**Aim of the task:**
Within the records, which lines hold the string "derivative"? Report each one by copying it.

*** Provided entries ***

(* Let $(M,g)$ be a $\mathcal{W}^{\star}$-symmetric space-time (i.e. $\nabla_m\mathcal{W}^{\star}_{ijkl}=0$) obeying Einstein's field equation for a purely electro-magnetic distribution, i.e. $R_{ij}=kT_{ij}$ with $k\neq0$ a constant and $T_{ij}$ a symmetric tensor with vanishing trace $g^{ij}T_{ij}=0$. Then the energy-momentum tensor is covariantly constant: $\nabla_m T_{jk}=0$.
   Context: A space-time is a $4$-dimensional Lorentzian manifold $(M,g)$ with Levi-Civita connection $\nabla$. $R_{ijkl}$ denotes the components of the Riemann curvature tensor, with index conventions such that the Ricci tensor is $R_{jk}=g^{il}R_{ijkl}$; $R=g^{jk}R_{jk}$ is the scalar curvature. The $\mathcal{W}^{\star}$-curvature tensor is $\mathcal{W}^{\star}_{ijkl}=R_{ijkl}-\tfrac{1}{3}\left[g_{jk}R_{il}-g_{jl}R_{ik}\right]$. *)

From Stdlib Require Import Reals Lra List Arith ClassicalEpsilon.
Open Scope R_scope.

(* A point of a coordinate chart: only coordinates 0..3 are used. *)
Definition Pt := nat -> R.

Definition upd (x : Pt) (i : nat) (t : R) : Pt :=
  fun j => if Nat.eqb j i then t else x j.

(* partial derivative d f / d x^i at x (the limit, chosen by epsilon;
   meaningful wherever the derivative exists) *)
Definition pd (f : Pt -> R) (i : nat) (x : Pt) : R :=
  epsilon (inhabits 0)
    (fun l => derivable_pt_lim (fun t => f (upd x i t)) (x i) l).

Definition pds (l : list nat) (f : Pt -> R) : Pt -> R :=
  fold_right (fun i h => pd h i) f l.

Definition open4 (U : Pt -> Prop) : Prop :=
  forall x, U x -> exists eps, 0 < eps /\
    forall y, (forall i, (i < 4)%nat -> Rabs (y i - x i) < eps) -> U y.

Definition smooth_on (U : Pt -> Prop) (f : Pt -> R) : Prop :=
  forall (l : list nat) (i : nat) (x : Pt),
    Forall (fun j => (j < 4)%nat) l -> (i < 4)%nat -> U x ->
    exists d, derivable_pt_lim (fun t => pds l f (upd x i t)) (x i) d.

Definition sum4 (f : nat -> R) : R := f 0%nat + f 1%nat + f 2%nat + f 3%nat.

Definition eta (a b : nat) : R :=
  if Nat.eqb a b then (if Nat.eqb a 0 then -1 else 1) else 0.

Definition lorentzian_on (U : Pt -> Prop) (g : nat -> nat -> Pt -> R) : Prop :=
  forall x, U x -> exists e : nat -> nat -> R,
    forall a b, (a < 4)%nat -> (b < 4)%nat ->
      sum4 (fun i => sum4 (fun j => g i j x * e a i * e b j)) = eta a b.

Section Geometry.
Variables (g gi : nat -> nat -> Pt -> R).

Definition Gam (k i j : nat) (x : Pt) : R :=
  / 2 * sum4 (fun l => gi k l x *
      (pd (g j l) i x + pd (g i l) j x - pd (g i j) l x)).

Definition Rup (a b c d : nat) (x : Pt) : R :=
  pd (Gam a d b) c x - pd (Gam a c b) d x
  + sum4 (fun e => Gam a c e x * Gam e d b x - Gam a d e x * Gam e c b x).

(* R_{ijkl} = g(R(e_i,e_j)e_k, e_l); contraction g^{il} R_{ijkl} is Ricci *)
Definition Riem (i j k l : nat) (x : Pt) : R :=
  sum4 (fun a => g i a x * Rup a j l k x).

***

**Output below:**
(* partial derivative d f / d x^i at x (the limit, chosen by epsilon;
   meaningful wherever the derivative exists) *)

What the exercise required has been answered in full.